What this task involves: Copy, exactly and without additions, every line in the records below from the one holding "[|| b == domino_row" through the one holding "if odd x then ord_pred x else ordS x.", both ends included.

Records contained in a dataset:
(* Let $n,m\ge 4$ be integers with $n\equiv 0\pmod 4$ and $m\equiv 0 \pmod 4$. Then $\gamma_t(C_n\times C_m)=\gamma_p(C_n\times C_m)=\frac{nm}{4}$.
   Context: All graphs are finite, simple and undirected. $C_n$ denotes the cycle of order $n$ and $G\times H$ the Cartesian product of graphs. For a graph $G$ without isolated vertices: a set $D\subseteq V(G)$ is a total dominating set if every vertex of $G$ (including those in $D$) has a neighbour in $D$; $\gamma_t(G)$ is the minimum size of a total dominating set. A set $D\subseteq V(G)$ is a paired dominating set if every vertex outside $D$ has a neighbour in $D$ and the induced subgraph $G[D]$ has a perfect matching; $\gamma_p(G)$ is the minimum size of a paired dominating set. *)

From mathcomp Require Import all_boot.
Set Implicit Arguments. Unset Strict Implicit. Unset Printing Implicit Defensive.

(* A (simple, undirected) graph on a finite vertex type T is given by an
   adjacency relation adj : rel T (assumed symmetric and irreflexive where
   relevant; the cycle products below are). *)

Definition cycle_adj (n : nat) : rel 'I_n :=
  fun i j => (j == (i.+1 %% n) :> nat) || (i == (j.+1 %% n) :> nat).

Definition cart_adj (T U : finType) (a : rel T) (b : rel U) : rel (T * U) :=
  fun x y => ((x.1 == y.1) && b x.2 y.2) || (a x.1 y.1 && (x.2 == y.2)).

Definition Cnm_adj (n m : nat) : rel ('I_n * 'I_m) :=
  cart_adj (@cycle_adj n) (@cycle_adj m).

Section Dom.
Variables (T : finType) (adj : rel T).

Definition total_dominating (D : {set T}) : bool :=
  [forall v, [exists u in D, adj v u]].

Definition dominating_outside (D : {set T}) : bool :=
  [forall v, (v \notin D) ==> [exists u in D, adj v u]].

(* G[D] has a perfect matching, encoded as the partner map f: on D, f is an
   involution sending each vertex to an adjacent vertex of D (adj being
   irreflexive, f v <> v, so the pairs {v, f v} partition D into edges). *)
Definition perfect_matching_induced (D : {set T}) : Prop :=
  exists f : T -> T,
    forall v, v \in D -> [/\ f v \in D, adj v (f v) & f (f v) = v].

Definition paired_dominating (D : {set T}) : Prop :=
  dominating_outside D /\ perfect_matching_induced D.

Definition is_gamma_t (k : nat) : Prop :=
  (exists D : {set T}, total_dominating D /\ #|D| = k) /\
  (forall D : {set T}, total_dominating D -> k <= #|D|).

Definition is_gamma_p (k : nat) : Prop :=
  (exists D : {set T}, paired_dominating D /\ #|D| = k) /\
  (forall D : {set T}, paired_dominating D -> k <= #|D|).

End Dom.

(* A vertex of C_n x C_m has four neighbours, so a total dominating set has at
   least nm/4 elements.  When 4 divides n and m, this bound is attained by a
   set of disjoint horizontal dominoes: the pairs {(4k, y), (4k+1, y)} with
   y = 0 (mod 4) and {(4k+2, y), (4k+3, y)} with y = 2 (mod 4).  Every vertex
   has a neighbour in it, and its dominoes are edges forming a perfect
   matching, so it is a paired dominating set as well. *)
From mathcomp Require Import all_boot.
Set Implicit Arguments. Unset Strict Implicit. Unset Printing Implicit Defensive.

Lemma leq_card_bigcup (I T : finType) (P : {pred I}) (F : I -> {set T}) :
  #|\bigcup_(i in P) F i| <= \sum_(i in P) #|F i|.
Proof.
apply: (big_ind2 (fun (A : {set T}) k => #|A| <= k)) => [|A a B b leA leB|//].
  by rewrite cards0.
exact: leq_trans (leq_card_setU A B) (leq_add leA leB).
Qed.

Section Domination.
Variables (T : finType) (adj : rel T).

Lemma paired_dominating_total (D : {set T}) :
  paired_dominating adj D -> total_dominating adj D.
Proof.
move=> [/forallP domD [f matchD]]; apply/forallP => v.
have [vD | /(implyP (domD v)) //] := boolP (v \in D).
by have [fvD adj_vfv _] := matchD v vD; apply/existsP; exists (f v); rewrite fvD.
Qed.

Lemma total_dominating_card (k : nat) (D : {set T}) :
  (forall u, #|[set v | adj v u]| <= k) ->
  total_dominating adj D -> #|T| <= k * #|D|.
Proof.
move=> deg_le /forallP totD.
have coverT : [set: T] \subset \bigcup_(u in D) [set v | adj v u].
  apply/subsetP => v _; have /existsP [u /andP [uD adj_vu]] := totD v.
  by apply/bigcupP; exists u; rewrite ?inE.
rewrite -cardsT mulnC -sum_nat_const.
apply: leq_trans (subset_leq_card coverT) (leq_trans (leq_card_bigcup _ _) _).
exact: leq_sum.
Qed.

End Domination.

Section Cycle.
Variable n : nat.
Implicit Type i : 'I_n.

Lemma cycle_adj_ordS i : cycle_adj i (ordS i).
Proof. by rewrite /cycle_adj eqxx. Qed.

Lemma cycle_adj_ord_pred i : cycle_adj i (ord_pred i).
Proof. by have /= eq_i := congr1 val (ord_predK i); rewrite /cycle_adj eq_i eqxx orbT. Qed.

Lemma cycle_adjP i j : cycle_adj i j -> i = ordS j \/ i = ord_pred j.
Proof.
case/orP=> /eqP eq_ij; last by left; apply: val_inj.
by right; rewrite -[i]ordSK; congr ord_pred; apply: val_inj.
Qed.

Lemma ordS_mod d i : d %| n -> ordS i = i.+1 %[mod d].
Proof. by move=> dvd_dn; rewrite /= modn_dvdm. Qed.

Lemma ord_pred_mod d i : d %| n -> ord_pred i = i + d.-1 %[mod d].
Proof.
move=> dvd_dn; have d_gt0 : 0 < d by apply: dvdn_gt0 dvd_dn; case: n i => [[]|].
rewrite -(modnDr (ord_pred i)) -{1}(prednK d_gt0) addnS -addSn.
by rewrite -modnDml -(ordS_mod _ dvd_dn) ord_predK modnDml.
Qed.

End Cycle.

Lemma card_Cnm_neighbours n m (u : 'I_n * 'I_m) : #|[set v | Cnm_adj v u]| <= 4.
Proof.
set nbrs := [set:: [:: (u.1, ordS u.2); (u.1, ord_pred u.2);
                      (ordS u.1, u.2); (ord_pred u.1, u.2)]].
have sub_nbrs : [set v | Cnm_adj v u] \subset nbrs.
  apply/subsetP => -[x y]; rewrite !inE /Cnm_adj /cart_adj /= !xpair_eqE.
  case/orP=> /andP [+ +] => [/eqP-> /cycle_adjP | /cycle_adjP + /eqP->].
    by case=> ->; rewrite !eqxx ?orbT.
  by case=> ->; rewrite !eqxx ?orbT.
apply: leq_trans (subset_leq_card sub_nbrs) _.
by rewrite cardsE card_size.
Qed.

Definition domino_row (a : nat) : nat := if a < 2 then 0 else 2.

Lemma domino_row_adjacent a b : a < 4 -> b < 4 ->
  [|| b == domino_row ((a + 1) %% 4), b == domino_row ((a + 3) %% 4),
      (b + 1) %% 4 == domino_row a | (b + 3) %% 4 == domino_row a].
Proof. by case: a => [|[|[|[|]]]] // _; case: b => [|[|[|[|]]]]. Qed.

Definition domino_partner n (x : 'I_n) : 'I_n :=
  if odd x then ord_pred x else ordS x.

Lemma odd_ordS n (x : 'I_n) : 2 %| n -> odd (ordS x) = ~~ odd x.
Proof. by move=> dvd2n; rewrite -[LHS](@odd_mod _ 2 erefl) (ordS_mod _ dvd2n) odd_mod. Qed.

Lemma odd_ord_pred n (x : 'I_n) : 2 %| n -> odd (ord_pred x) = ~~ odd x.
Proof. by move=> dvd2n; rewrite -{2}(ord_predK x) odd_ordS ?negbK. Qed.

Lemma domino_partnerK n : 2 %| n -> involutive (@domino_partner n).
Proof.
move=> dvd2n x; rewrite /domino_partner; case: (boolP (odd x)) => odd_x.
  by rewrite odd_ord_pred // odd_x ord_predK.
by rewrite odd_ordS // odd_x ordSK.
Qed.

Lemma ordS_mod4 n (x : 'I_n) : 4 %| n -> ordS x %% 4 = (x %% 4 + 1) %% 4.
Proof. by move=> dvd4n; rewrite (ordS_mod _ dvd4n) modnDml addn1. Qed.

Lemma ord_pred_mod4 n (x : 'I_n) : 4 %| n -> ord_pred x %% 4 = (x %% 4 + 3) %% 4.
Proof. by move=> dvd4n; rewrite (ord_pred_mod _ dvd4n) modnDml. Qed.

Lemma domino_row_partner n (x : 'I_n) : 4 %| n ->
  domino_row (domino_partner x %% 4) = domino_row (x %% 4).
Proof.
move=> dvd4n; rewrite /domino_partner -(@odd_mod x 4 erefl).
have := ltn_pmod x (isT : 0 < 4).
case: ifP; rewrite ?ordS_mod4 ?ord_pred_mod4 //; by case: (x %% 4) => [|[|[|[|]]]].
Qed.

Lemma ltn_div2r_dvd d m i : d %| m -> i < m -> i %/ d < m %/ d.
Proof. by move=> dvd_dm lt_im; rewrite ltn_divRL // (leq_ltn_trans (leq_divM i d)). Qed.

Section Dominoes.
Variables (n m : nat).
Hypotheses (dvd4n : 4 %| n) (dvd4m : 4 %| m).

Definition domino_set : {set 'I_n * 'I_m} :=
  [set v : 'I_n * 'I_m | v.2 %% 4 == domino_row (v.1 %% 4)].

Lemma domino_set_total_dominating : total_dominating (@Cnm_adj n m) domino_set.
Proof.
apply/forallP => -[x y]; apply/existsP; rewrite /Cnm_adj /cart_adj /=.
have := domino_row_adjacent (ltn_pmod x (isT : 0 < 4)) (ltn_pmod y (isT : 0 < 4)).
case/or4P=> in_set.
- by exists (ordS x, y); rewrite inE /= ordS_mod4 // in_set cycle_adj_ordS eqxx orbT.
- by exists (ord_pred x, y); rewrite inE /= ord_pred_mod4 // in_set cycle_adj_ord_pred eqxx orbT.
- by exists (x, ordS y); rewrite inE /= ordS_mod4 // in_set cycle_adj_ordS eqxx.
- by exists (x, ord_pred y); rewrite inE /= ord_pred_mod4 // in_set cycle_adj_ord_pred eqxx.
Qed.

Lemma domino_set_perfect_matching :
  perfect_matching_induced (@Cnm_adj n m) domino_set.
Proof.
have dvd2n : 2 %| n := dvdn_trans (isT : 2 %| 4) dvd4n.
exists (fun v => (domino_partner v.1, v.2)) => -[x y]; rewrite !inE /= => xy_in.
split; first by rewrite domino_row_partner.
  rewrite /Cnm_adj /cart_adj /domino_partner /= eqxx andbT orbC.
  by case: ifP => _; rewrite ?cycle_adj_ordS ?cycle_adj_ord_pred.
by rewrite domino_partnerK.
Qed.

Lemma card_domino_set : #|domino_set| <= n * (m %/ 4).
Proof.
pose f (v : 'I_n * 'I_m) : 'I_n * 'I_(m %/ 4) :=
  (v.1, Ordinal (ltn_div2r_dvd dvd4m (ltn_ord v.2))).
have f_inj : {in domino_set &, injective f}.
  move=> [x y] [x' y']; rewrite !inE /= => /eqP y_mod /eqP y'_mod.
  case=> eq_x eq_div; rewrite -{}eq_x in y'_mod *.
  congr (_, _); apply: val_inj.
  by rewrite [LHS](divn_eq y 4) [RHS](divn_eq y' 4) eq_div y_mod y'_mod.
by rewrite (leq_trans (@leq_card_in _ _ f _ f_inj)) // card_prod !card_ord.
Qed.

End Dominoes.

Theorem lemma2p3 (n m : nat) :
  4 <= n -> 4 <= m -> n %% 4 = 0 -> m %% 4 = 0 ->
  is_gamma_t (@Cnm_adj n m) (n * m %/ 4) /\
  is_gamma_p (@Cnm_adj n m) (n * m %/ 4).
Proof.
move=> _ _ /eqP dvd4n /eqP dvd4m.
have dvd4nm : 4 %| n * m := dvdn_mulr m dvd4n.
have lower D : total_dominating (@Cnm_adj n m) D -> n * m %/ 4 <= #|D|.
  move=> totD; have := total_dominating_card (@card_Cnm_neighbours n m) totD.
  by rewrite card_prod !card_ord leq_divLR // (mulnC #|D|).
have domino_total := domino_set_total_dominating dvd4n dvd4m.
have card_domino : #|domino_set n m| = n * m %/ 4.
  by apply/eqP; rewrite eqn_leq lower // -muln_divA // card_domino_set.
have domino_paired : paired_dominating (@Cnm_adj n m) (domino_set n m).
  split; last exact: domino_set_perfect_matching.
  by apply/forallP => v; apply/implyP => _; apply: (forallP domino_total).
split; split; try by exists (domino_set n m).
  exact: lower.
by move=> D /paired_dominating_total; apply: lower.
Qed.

Exercise output:
  [|| b == domino_row ((a + 1) %% 4), b == domino_row ((a + 3) %% 4),
      (b + 1) %% 4 == domino_row a | (b + 3) %% 4 == domino_row a].
Proof. by case: a => [|[|[|[|]]]] // _; case: b => [|[|[|[|]]]]. Qed.

Definition domino_partner n (x : 'I_n) : 'I_n :=
  if odd x then ord_pred x else ordS x.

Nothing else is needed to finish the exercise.